Never ending loop in displaying LinkedList in C++

问题

In the following code when i try to display the list after removing the first element, its resulting in endless loop of next elements. This problem doesn't occur when other than first element is removed. I have no clue why is this happening? Can someone please tell me where is the mistake?

#include<iostream>

using namespace std;

class node
{
public:
  int data;
  node *link;

};

class linkedlist
{  node *head;
public:
linkedlist()
{
   head=NULL;
}
    int add(int data1)
    { node *insertnode=new node;
        insertnode->data=data1;
        insertnode->link=NULL;

        node *temp=head;

        if(temp!=NULL)
        {
            while(temp->link!=NULL)
            {
                temp=temp->link;
            }
            temp->link=insertnode;

        }
        else{head=insertnode;}

    }
    void disp()
    { node *temp1=head;
    cout<<endl;
    if(temp1==NULL)
    {cout<<"Empty"<<endl;
    }
    if(temp1->link==NULL)
    {
        cout<<temp1->data<<endl;

    }
    else{
    do{cout<<temp1->data<<endl;
    temp1=temp1->link;
    }
    while(temp1!=NULL);
    }

    }

    int remove(int removedata)
    {
        node *temp2=head;
        if(temp2==NULL)
         {}

         if(temp2->link==NULL)
         {
             delete temp2;
             head=NULL;
         }

         else
         {
             node *previous;
             do
             {
                 if(temp2->data==removedata) break;
                 previous=temp2;
                 temp2=temp2->link;
             }while(temp2!=NULL);

            previous->link=temp2->link;
             delete temp2;
         }


    }



};

int main()
{
   linkedlist list;
   list.add(10);
   list.add(100);
   list.add(200);
   list.remove(10);
   list.disp();
}

Thank you all. The problem has been solved

回答1:

Have a look on your deletion:

    node *previous;
         do
         {
             if(temp2->data==removedata) break;
             previous=temp2;
             temp2=temp2->link;
         }while(temp2!=NULL);

        previous->link=temp2->link;
         delete temp2;

If the first element is the matched one, the loop will immidaiately terminate, resulting in uninitializing previous, and not changing temp2 (it is still the head).

What you will now do is:

1. set previous->link to some value. Note that this is undefined behavior, since you have no idea what previous is.
2. delete temp2 - which is the head element, but never changing the head. This will result that the first element in the list is undefined, and once accessing it anything can happen (again, undefined behavior).
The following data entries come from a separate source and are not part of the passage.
(* Assume (A1)–(A4) and let $b$ be consistent. Let $(\hat x,\hat y)$ be any feasible point. Then the real sequence $\{D_{\mu_k}f(\hat y,y_k)\}_{k\ge1}$ generated by the ADMM is convergent.
   Context: $\mathcal X,\mathcal Y,\mathcal H$ are real Hilbert spaces. Standing assumptions: (A1) $A:\mathcal X\to\mathcal H$ is bounded linear. (A2) $f:\mathcal Y\to(-\infty,\infty]$ is proper, lower semicontinuous and strongly convex with constant $c_0>0$: $f(ty_1+(1-t)y_2)+c_0t(1-t)\|y_1-y_2\|^2\le tf(y_1)+(1-t)f(y_2)$ for all $y_1,y_2$, $t\in[0,1]$. (A3) $W:\mathscr D(W)\subset\mathcal X\to\mathcal Y$ is a densely defined closed linear operator. (A4) There is $c_1>0$ with $\|Ax\|^2+\|Wx\|^2\ge c_1\|x\|^2$ for all $x\in\mathscr D(W)$. $\mathscr D(f)=\{y:f(y)<\infty\}$; $b$ is consistent if $b=Ax$ for some $x\in\mathscr D(W)$ with $Wx\in\mathscr D(f)$. A feasible point is a pair $(\hat x,\hat y)$ with $\hat x\in\mathscr D(W)$, $\hat y\in\mathscr D(f)$, $A\hat x=b$, $W\hat x=\hat y$. ADMM: fix $\rho_1,\rho_2>0$ and initial $y_0\in\mathcal Y$, $\lambda_0\in\mathcal H$, $\mu_0\in\mathcal Y$. For $k=0,1,\dots$: $x_{k+1}=\arg\min_{x\in\mathscr D(W)}\{\langle\lambda_k,Ax\rangle+\langle\mu_k,Wx\rangle+\frac{\rho_1}{2}\|Ax-b\|^2+\frac{\rho_2}{2}\|Wx-y_k\|^2\}$, $y_{k+1}=\arg\min_{y\in\mathcal Y}\{f(y)-\langle\mu_k,y\rangle+\frac{\rho_2}{2}\|Wx_{k+1}-y\|^2\}$, $\lambda_{k+1}=\lambda_k+\rho_1(Ax_{k+1}-b)$, $\mu_{k+1}=\mu_k+\rho_2(Wx_{k+1}-y_{k+1})$. (These minimizers exist and are unique.) One has $\mu_k\in\partial f(y_k)$ for $k\ge1$. Bregman distance: for $y$ with $\mu\in\partial f(y)$, $D_\mu f(\bar y,y)=f(\bar y)-f(y)-\langle\mu,\bar y-y\rangle$. *)

From Stdlib Require Import Reals Lra.
Open Scope R_scope.
(* Let $K$ be a field and let $\Delta$ be a simplicial complex on the vertex set $V\cup V'$, where $V\cap V'=\emptyset$ and $|V|=|V'|=n$. Suppose that the set $G=\{F\in\mathcal F(\Delta): F\cap V\neq\emptyset,\ F\cap V'\neq\emptyset\}$ is a Cohen--Macaulay bipartite graph (with bipartition $V,V'$) with no isolated vertex. Fix a labeling $V=\{x_1,\dots,x_n\}$, $V'=\{y_1,\dots,y_n\}$ and a partial order $\le$ on $V$ such that $\{x_i,y_j\}$ is an edge of $G$ if and only if $x_i\le x_j$, and let $\mathcal L(G)$ be the distributive lattice of all poset ideals of $(V,\le)$. Then the following are equivalent: (1) $\Delta$ is unmixed, and all minimal vertex covers of $\Delta$ have cardinality $|V|$; (2) there exists a segment $\mathcal S\subseteq\mathcal L(G)$ such that $H_{\mathcal S}^*=I(\Delta)$.
   Context: $\mathcal F(\Delta)$ denotes the set of facets of $\Delta$. A vertex cover of $\Delta$ is a set of vertices meeting every facet; it is minimal if no proper subset is a vertex cover; $\Delta$ is unmixed if all minimal vertex covers have the same cardinality. Identify vertices with variables of $S=K[x_1,\dots,x_n,y_1,\dots,y_n]$. The facet ideal is $I(\Delta)=(\prod_{v\in F}v : F\in\mathcal F(\Delta))$; for a graph $G$, $I(G)$ is its edge ideal (generated by $uv$ for edges $\{u,v\}$), and $G$ is Cohen--Macaulay if $S/I(G)$ is Cohen--Macaulay (for such $G$ a labeling and partial order as in the claim always exist). $\mathcal L(G)$ consists of all poset ideals of $(V,\le)$ (including $\emptyset$), ordered by inclusion. For $\alpha\in\mathcal L(G)$ put $u_\alpha=\prod_{x_i\in\alpha}x_i\prod_{x_i\notin\alpha}y_i$, and for a subset $\mathcal S\subseteq\mathcal L(G)$ let $H_{\mathcal S}$ be the ideal of $S$ generated by $\{u_\alpha:\alpha\in\mathcal S\}$. A subset $\mathcal S$ of a lattice is a segment if for all $p,q\in\mathcal S$ with $p\le q$ the interval $[p,q]=\{r: p\le r\le q\}$ is contained in $\mathcal S$. For a squarefree monomial ideal $I=I_\Gamma$ (Stanley--Reisner ideal of a simplicial complex $\Gamma$ on the vertex set $W=V\cup V'$), $I^*:=I_{\Gamma^\vee}$, where $\Gamma^\vee=\{W\setminus F: F\notin\Gamma\}$ is the Alexander dual. *)

From HB Require Import structures.
From mathcomp Require Import all_boot all_order all_algebra.
From mathcomp Require Import mpoly.
Section Pairing.
Variable K : Type.

Definition embedding (U V : set K) (h : K -> K) :=
  (forall x, U x -> V (h x)) /\ (forall x y, U x -> U y -> h x = h y -> x = y).

Definition partial_inj (U V : set K) (H : set (K * K)) :=
  [/\ forall x y, H (x, y) -> U x /\ V y, functional_rel H & injective_rel H].

Lemma partial_inj_bigcup (U V : set K) (F : set (set (K * K))) :
  F `<=` partial_inj U V -> total_on F subset ->
  partial_inj U V (\bigcup_(H in F) H).
Proof.
move=> FP Ftot; split.
- by move=> x y [H /FP[HUV _ _] /HUV].
- by apply: bigcup_functional => // H /FP[].
- by apply: bigcup_injective => // H /FP[].
Qed.

Lemma embedding_total (k0 : K) (U V : set K) :
  (exists h, embedding U V h) \/ (exists h, embedding V U h).
Proof.
have [H [[HUV Hfun Hinj] Hmax]] := Zorn_bigcup (@partial_inj_bigcup U V).
case: (pselect (forall x, U x -> exists y, H (x, y))) => [Utot|].
  left; have [h hH] := choice_on k0 Utot; exists h; split.
    by move=> x /hH /HUV[].
  by move=> x y /hH Hx /hH Hy Exy; apply: Hinj Hx _; rewrite Exy.
move=> /existsNP[x0 /not_implyP[Ux0 nx0]].
case: (pselect (forall y, V y -> exists x, H (x, y))) => [Vtot|].
  right; have [h hH] := choice_on (R := fun y x => H (x, y)) k0 Vtot.
  exists h; split; first by move=> y /hH /HUV[].
  by move=> x y /hH Hx /hH Hy Exy; apply: Hfun Hx _; rewrite Exy.
move=> /existsNP[y0 /not_implyP[Vy0 ny0]].
have H0 : ~ H (x0, y0) by move=> Hxy; apply: nx0; exists y0.
exfalso; apply: (Hmax (H `|` [set (x0, y0)])).
  by split=> [t Ht|sub]; [left|apply/H0/sub; right].
split.
- by move=> x y [/HUV //|[-> ->]].
- move=> x y y' [Hxy|/pair_equal_spec[-> ->]] [Hxy'|/pair_equal_spec[Ex ->]] //.
  + exact: Hfun Hxy Hxy'.
  + by case: nx0; exists y; rewrite -Ex.
  + by case: nx0; exists y'.
- move=> x x' y [Hxy|/pair_equal_spec[-> ->]] [Hx'y|/pair_equal_spec[-> Ey]] //.
  + exact: Hinj Hxy Hx'y.
  + by case: ny0; exists x; rewrite -Ey.
  + by case: ny0; exists x'.
Qed.

Lemma embedding_inv (k0 : K) (U V : set K) (h : K -> K) :
  embedding U V h -> exists h', embedding (h @` U) U h'.
Proof.
move=> [_ hinj].
have [h' h'P] : exists h', forall z, (h @` U) z -> U (h' z) /\ h (h' z) = z.
  apply: (choice_on (P := h @` U) (R := fun z x => U x /\ h x = z) k0).
  by move=> z [x Ux <-]; exists x.
exists h'; split=> [z /h'P[] //|z z' /h'P[_ Ez] /h'P[_ Ez'] E].
by rewrite -Ez -Ez' E.
Qed.
Definition msh (n : nat) (t : term) : term := Nat.iter n (mshift 0) t.
Definition mshe (n : nat) (e : eterm) : eterm := Nat.iter n (mshift_e 0) e.
Definition mshs (n : nat) (p : list eterm) : list eterm := map (mshe n) p.

Lemma iter_comm {A B : Type} (f : A -> A) (g : B -> B) (h : A -> B) :
  (forall x, h (f x) = g (h x)) -> forall n x, h (Nat.iter n f x) = Nat.iter n g (h x).
Proof. intros H n x; induction n; simpl; [reflexivity | rewrite H, IHn; reflexivity]. Qed.

Lemma msh_add m n x : msh m (msh n x) = msh (m + n) x.
Proof. symmetry; apply Nat.iter_add. Qed.

Lemma mshs_add m n p : mshs m (mshs n p) = mshs (m + n) p.
Proof.
  unfold mshs; rewrite map_map; apply map_ext; intros; symmetry; apply Nat.iter_add.
Qed.

Lemma mshs0 p : mshs 0 p = p.
Proof. apply map_id. Qed.

Lemma mshe_ETm n v : mshe n (ETm v) = ETm (msh n v).
Proof. symmetry; apply (iter_comm (mshift 0) (mshift_e 0) ETm); reflexivity. Qed.

Lemma mshe_Proj1 n : mshe n Proj1 = Proj1.
Proof. induction n; unfold mshe in *; simpl; [|rewrite IHn]; reflexivity. Qed.

Lemma mshe_Proj2 n : mshe n Proj2 = Proj2.
Proof. induction n; unfold mshe in *; simpl; [|rewrite IHn]; reflexivity. Qed.

Lemma mshe_Case n u v : mshe n (Case u v) = Case (msh n u) (msh n v).
Proof. induction n; unfold mshe in *; simpl; [|rewrite IHn]; reflexivity. Qed.

Lemma msh_Var n i : msh n (Var i) = Var i.
Proof. induction n; unfold msh in *; simpl; [|rewrite IHn]; reflexivity. Qed.

Lemma msh_apps n p x : msh n (apps x p) = apps (msh n x) (mshs n p).
Proof.
  revert p x; induction n; intros p x.
  - symmetry; apply (f_equal (apps x)), mshs0.
  - change (mshift 0 (msh n (apps x p)) = apps (mshift 0 (msh n x)) (mshs (S n) p)).
    rewrite IHn, (apps_hom (mshift 0) (mshift_e 0)) by reflexivity.
    unfold mshs; rewrite map_map; reflexivity.
Qed.

Lemma msh_lshift n x : msh n (lshift 0 x) = lshift 0 (msh n x).
Proof. symmetry; apply (iter_comm _ _ (lshift 0)); intros; apply lshift_mshift. Qed.

Lemma mshs_lshift n p : mshs n (map (lshift_e 0) p) = map (lshift_e 0) (mshs n p).
Proof.
  unfold mshs; rewrite !map_map; apply map_ext; intros.
  symmetry; apply (iter_comm _ _ (lshift_e 0)); intros; apply lshift_mshift.
Qed.

Lemma gsub_msh n : forall t xi s r, msh n (gsub xi s r t) =
  gsub (fun a => Nat.iter n S (xi a)) (fun i => msh n (s i)) (fun a => mshs n (r a)) t.
Proof.
  induction n; intros.
  - apply (proj1 gsub_ext); intros; auto. symmetry; apply mshs0.
  - change (mshift 0 (msh n (gsub xi s r t)) =
      gsub (fun a => S (Nat.iter n S (xi a))) (fun i => mshift 0 (msh n (s i)))
           (fun a => mshs (S n) (r a)) t).
    rewrite IHn, (proj1 gsub_mshift). apply (proj1 gsub_ext); intros; auto.
    unfold mshs; rewrite map_map; reflexivity.
Qed.

Definition scons (v : term) (s : nat -> term) (n : nat) : term :=
  match n with 0 => v | S n => s n end.

Lemma gsub_beta v xi s r u :
  lsubst 0 v (gsub xi (liftL s) (liftLS r) u) = gsub xi (scons v s) r u.
Proof.
  rewrite (proj1 gsub_lsubst). apply (proj1 gsub_ext); intros; auto.
  - destruct n; simpl; auto. apply lsubst_lshift.
  - unfold liftLS; rewrite map_map. rewrite <- (map_id (r a)) at 2.
    apply map_ext; intros; apply lsubst_lshift.
Qed.

Lemma gsub_beta_msh w n xi s r u :
  lsubst 0 w (msh n (gsub xi (liftL s) (liftLS r) u)) =
  gsub (fun a => Nat.iter n S (xi a)) (scons w (fun i => msh n (s i)))
       (fun a => mshs n (r a)) u.
Proof.
  rewrite gsub_msh, <- gsub_beta. f_equal. apply (proj1 gsub_ext); intros; auto.
  - destruct n0; simpl; [apply msh_Var | apply msh_lshift].
  - apply mshs_lshift.
Qed.

Definition pole (t s : term) : Prop := exists w, inM t w /\ red s w.

Lemma pole_red_back t s s' : red s s' -> pole t s' -> pole t s.
Proof. intros H [w [Hw Hr]]; exists w; split; auto; eapply rt_trans; eauto. Qed.

Lemma pole_mu t s : pole (mshift 0 t) s -> pole t (Mu s).
Proof.
  intros [w [Hw Hr]]; exists (Mu w); split; [constructor; auto|].
  apply (red_ctx Mu); auto. intros; constructor; auto.
Qed.

Lemma pole_ctrl t a s : pole t s -> pole t (Ctrl a s).
Proof.
  intros [w [Hw Hr]]; exists (Ctrl a w); split; [constructor; auto|].
  apply (red_ctx (Ctrl a)); auto. intros; constructor; auto.
Qed.

Lemma pole_refl t : pole t t.
Proof. exists t; split; [constructor | apply rt_refl]. Qed.

(** A stack interpretation
    [S : term -> list eterm -> Prop] gives the stacks of a type relative to
    [t]; since going under a [Mu] shifts [t], realizers and stacks are
    required to remain so after any number of mu-shifts. *)
Definition stable_stack (S : term -> list eterm -> Prop) (t : term) (p : list eterm) : Prop :=
  forall n, S (msh n t) (mshs n p).
Definition realizer (S : term -> list eterm -> Prop) (t s : term) : Prop :=
  forall p, stable_stack S t p -> pole t (apps s p).
Definition stable_realizer (S : term -> list eterm -> Prop) (t v : term) : Prop :=
  forall n, realizer S (msh n t) (msh n v).

Fixpoint stk (A : form) : term -> list eterm -> Prop :=
  match A with
  | PVar _ => fun _ _ => True
  | Bot => fun _ p => p = nil
  | Imp A B => fun t p => exists v p', p = ETm v :: p' /\
       stable_realizer (stk A) t v /\ stk B t p'
  | And A B => fun t p => exists p',
       (p = Proj1 :: p' /\ stk A t p') \/ (p = Proj2 :: p' /\ stk B t p')
  | Or A B => fun t p => exists u1 u2, p = [Case u1 u2] /\
       (forall v, stable_realizer (stk A) t v -> pole t (lsubst 0 v u1)) /\
       (forall v, stable_realizer (stk B) t v -> pole t (lsubst 0 v u2))
  end.

Lemma stable_realizer_msh S t v m :
  stable_realizer S t v -> stable_realizer S (msh m t) (msh m v).
Proof. intros H n. rewrite !msh_add. apply H. Qed.

Lemma stable_stack_msh S t p m :
  stable_stack S t p -> stable_stack S (msh m t) (mshs m p).
Proof. intros H n. rewrite msh_add, mshs_add. apply H. Qed.

Lemma stable_stack_Imp A B t p : stable_stack (stk (Imp A B)) t p ->
  exists v p', p = ETm v :: p' /\ stable_realizer (stk A) t v /\ stable_stack (stk B) t p'.
Proof.
  intros H. destruct (H 0) as [v [p' [E _]]]. rewrite mshs0 in E. subst p.
  exists v, p'; split; auto.
  split; intros n; destruct (H n) as [v2 [p2 [E2 [Hv Hp]]]];
    simpl in E2; rewrite mshe_ETm in E2; injection E2; intros; subst; auto.
  apply (Hv 0).
Qed.

Lemma stable_stack_And A B t p : stable_stack (stk (And A B)) t p ->
  exists p', (p = Proj1 :: p' /\ stable_stack (stk A) t p') \/
             (p = Proj2 :: p' /\ stable_stack (stk B) t p').
Proof.
  intros H. destruct (H 0) as [p' [[E _]|[E _]]]; rewrite mshs0 in E; subst p; exists p';
    [left | right]; split; auto; intros n; destruct (H n) as [p2 [[E2 H2]|[E2 H2]]];
    simpl in E2; rewrite ?mshe_Proj1, ?mshe_Proj2 in E2; injection E2; intros; subst;
    auto; discriminate.
Qed.

Lemma stable_realizer_self_Bot t : stable_realizer (stk Bot) t t.
Proof.
  intros n p Hp. specialize (Hp 0). simpl in Hp. rewrite mshs0 in Hp. subst p.
  apply pole_refl.
Qed.

Definition env_ok (G D : list form) (t : term) (s : nat -> term) (r : nat -> list eterm) : Prop :=
  (forall i B, nth_error G i = Some B -> stable_realizer (stk B) t (s i)) /\
  (forall a B, nth_error D a = Some B -> stable_stack (stk B) t (r a)).

Lemma env_ok_msh G D t s r n : env_ok G D t s r ->
  env_ok G D (msh n t) (fun i => msh n (s i)) (fun a => mshs n (r a)).
Proof.
  intros [HG HD]; split; intros;
    [apply stable_realizer_msh | apply stable_stack_msh]; eauto.
Qed.

Lemma env_ok_cons G D t s r A v : env_ok G D t s r -> stable_realizer (stk A) t v ->
  env_ok (A :: G) D t (scons v s) r.
Proof.
  intros [HG HD] Hv; split; auto.
  intros [|i] B E; simpl in E; [injection E; intros; subst; exact Hv | eauto].
Qed.

Definition sound (G D : list form) (u : term) (A : form) : Prop :=
  forall t xi s r, env_ok G D t s r -> realizer (stk A) t (gsub xi s r u).

Lemma sound_stable G D u A : sound G D u A ->
  forall t xi s r, env_ok G D t s r -> stable_realizer (stk A) t (gsub xi s r u).
Proof. intros H t xi s r Hh n. rewrite gsub_msh. apply H, env_ok_msh, Hh. Qed.

Lemma sound_var G D n A : nth_error G n = Some A -> sound G D (Var n) A.
Proof. intros E t xi s r Hh. apply (proj1 Hh n A E 0). Qed.

Lemma sound_lam G D A B u : sound (A :: G) D u B -> sound G D (Lam u) (Imp A B).
Proof.
  intros Hu t xi s r Hh p Hp.
  destruct (stable_stack_Imp _ _ _ _ Hp) as [v [p' [E [Hv Hp']]]]; subst p.
  rewrite apps_cons.
  eapply pole_red_back; [apply red_apps, rt_step, st_beta|].
  rewrite gsub_beta. apply Hu; [apply env_ok_cons|]; auto.
Qed.

Lemma sound_app G D A B u v :
  sound G D u (Imp A B) -> sound G D v A -> sound G D (App u (ETm v)) B.
Proof.
  intros Hu Hv t xi s r Hh p Hp.
  change (pole t (apps (gsub xi s r u) (ETm (gsub xi s r v) :: p))).
  apply Hu; auto. intros n. exists (msh n (gsub xi s r v)), (mshs n p).
  split; [simpl; rewrite mshe_ETm; reflexivity|].
  split; [apply stable_realizer_msh; eapply sound_stable; eauto | apply Hp].
Qed.

Lemma sound_pair G D A B u v :
  sound G D u A -> sound G D v B -> sound G D (Pair u v) (And A B).
Proof.
  intros Hu Hv t xi s r Hh p Hp.
  destruct (stable_stack_And _ _ _ _ Hp) as [p' [[E Hp']|[E Hp']]]; subst p;
    rewrite apps_cons.
  - eapply pole_red_back; [apply red_apps, rt_step, st_proj1 | apply Hu; auto].
  - eapply pole_red_back; [apply red_apps, rt_step, st_proj2 | apply Hv; auto].
Qed.

Lemma sound_proj1 G D A B u : sound G D u (And A B) -> sound G D (App u Proj1) A.
Proof.
  intros Hu t xi s r Hh p Hp.
  change (pole t (apps (gsub xi s r u) (Proj1 :: p))).
  apply Hu; auto. intros n. exists (mshs n p). left. simpl. rewrite mshe_Proj1. auto.
Qed.

Lemma sound_proj2 G D A B u : sound G D u (And A B) -> sound G D (App u Proj2) B.
Proof.
  intros Hu t xi s r Hh p Hp.
  change (pole t (apps (gsub xi s r u) (Proj2 :: p))).
  apply Hu; auto. intros n. exists (mshs n p). right. simpl. rewrite mshe_Proj2. auto.
Qed.

Lemma sound_inj1 G D A B u : sound G D u A -> sound G D (Inj1 u) (Or A B).
Proof.
  intros Hu t xi s r Hh p Hp.
  destruct (Hp 0) as [u1 [u2 [E [H1 _]]]]. rewrite mshs0 in E; subst p.
  eapply pole_red_back; [apply rt_step, st_case1|]. apply H1. eapply sound_stable; eauto.
Qed.

Lemma sound_inj2 G D A B u : sound G D u B -> sound G D (Inj2 u) (Or A B).
Proof.
  intros Hu t xi s r Hh p Hp.
  destruct (Hp 0) as [u1 [u2 [E [_ H2]]]]. rewrite mshs0 in E; subst p.
  eapply pole_red_back; [apply rt_step, st_case2|]. apply H2. eapply sound_stable; eauto.
Qed.

Lemma sound_branch G D A C u t xi s r p n w :
  sound (A :: G) D u C -> env_ok G D t s r -> stable_stack (stk C) t p ->
  stable_realizer (stk A) (msh n t) w ->
  pole (msh n t) (lsubst 0 w (msh n (apps (gsub xi (liftL s) (liftLS r) u)
                                           (map (lshift_e 0) p)))).
Proof.
  intros Hu Hh Hp Hw.
  rewrite msh_apps, mshs_lshift, (apps_hom (lsubst 0 w) (lsubst_e 0 w)) by reflexivity.
  rewrite map_map, (map_ext _ (fun e => e)) by (intros; apply lsubst_lshift).
  rewrite map_id, gsub_beta_msh.
  apply Hu; [apply env_ok_cons; [apply env_ok_msh|] |]; auto. apply stable_stack_msh; auto.
Qed.

Lemma sound_case G D A B C u v1 v2 :
  sound G D u (Or A B) -> sound (A :: G) D v1 C -> sound (B :: G) D v2 C ->
  sound G D (App u (Case v1 v2)) C.
Proof.
  intros Hu Hv1 Hv2 t xi s r Hh p Hp.
  eapply pole_red_back; [apply red_case_stack|].
  change (pole t (apps (gsub xi s r u)
    [Case (apps (gsub xi (liftL s) (liftLS r) v1) (map (lshift_e 0) p))
          (apps (gsub xi (liftL s) (liftLS r) v2) (map (lshift_e 0) p))])).
  apply Hu; auto. intros n. do 2 eexists.
  split; [simpl; rewrite mshe_Case; reflexivity|].
  split; intros w Hw; eapply sound_branch; eauto.
Qed.

Lemma sound_ctrl G D a A u : nth_error D a = Some A -> sound G D u A -> sound G D (Ctrl a u) Bot.
Proof.
  intros E Hu t xi s r Hh p Hp. specialize (Hp 0). simpl in Hp. rewrite mshs0 in Hp. subst p.
  apply pole_ctrl, Hu; auto. apply (proj2 Hh a A E).
Qed.

(** Under the binder, the stack applied to [Mu u] becomes the stack of its
    bound variable, and the pole shifts from [t] to [mshift 0 t]. *)
Lemma sound_mu G D A u : sound G (A :: D) u Bot -> sound G D (Mu u) A.
Proof.
  intros Hu t xi s r Hh p Hp.
  eapply pole_red_back; [apply red_mu_stack|]. apply pole_mu.
  change (pole (msh 1 t) (apps (gsub (liftX xi) (fun n => msh 1 (s n)) (liftM p r) u) nil)).
  apply Hu; [|intros n; reflexivity].
  destruct (env_ok_msh _ _ _ _ _ 1 Hh) as [HG HD]. split; auto.
  intros [|a] B E; simpl in E.
  - injection E; intros; subst. exact (stable_stack_msh _ _ _ 1 Hp).
  - exact (HD a B E).
Qed.

Lemma adequacy G D u A : ty G D u A -> sound G D u A.
Proof.
  induction 1; eauto using sound_var, sound_lam, sound_app, sound_pair, sound_proj1,
    sound_proj2, sound_inj1, sound_inj2, sound_case, sound_ctrl, sound_mu.
Qed.
Lemma is_derive_resp N c w : is_derive (resp N c) w (dresp N c w).
Proof.
  induction N.
  - unfold resp, dresp; simpl. auto_derive; auto. ring.
  - apply (is_derive_ext (fun w => resp N c w + c (S N) * cos (INR (S N) * w))); [reflexivity|].
    rewrite dresp_S. apply @is_derive_plus; [exact IHN|]. set (k := INR (S N)). auto_derive; auto. ring.
Qed.

Lemma is_derive_dresp N c w :
  is_derive (dresp N c) w (resp N (fun n => - INR n ^ 2 * c n) w).
Proof.
  induction N.
  - unfold resp, dresp; simpl. auto_derive; auto. ring.
  - apply (is_derive_ext (fun w => dresp N c w + - (c (S N) * INR (S N)) * sin (INR (S N) * w)));
      [reflexivity|].
    rewrite resp_S. apply @is_derive_plus; [exact IHN|]. set (k := INR (S N)). auto_derive; auto. ring.
Qed.

Lemma continuity_pt_resp N c w : continuity_pt (resp N c) w.
Proof.
  apply continuity_pt_filterlim, (@ex_derive_continuous R_AbsRing R_NormedModule).
  eexists. apply is_derive_resp.
Qed.

Lemma continuity_pt_abs_affine_resp N c a b w :
  continuity_pt (fun w => Rabs (a * resp N c w + b)) w.
Proof.
  apply (continuity_pt_comp (fun w => a * resp N c w + b) Rabs); [|apply Rcontinuity_abs].
  apply (continuity_pt_plus (mult_real_fct a (resp N c)) (fct_cte b));
    [apply continuity_pt_scal, continuity_pt_resp|apply continuity_pt_const; now intros].
Qed.

Lemma resp_lipschitz N c c' w : Rabs (resp N c w - resp N c' w) <= dist1 (S N) c c'.
Proof.
  assert (Hcos : forall n, Rabs (c n - c' n) * Rabs (cos (INR n * w)) <= Rabs (c n - c' n)).
  { intros n. pose proof (Rabs_pos (c n - c' n)).
    assert (Rabs (cos (INR n * w)) <= 1) by (apply Rabs_le, COS_bound). nra. }
  induction N.
  - unfold resp. simpl. rewrite Rplus_0_l, <- Rmult_minus_distr_r, Rabs_mult. apply Hcos.
  - rewrite !resp_S. change (dist1 (S (S N)) c c')
      with (dist1 (S N) c c' + Rabs (c (S N) - c' (S N))).
    replace (resp N c w + c (S N) * cos (INR (S N) * w)
             - (resp N c' w + c' (S N) * cos (INR (S N) * w)))
      with ((resp N c w - resp N c' w) + (c (S N) - c' (S N)) * cos (INR (S N) * w)) by ring.
    eapply Rle_trans; [apply Rabs_triang|]. rewrite Rabs_mult.
    apply Rplus_le_compat; [exact IHN|apply Hcos].
Qed.

Lemma is_derive_vanishing (f : R -> R) a b w l :
  a < w < b -> (forall y, a < y < b -> f y = 0) -> is_derive f w l -> l = 0.
Proof.
  intros Hw Hf Hd.
  assert (Hd0 : is_derive (fun _ : R => 0) w l).
  { apply (is_derive_ext_loc f); [|exact Hd].
    apply (locally_interval _ w a b); simpl; try lra.
    intros y H1 H2. apply Hf. simpl in *. lra. }
  apply is_derive_unique in Hd0. rewrite Derive_const in Hd0. auto.
Qed.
So, basically - after you delete the first element - when you try to display the list, anything can happen - including the infinite loop you are encountering.

回答2:

You didn't adjust your pointer to the head. Guess that's why it fails.

回答3:

When you remove the first element, you have to point the head of the list to the next element. You didn't do that here.

回答4:

In disp(), you access temp1->link, whether temp1 is NULL or not

if(temp1==NULL)
{cout<<"Empty"<<endl;
}
if(temp1->link==NULL)
{
    cout<<temp1->data<<endl;

}

Same for temp2 in remove().

node *previous; is used uninitialized, when the first node is removed.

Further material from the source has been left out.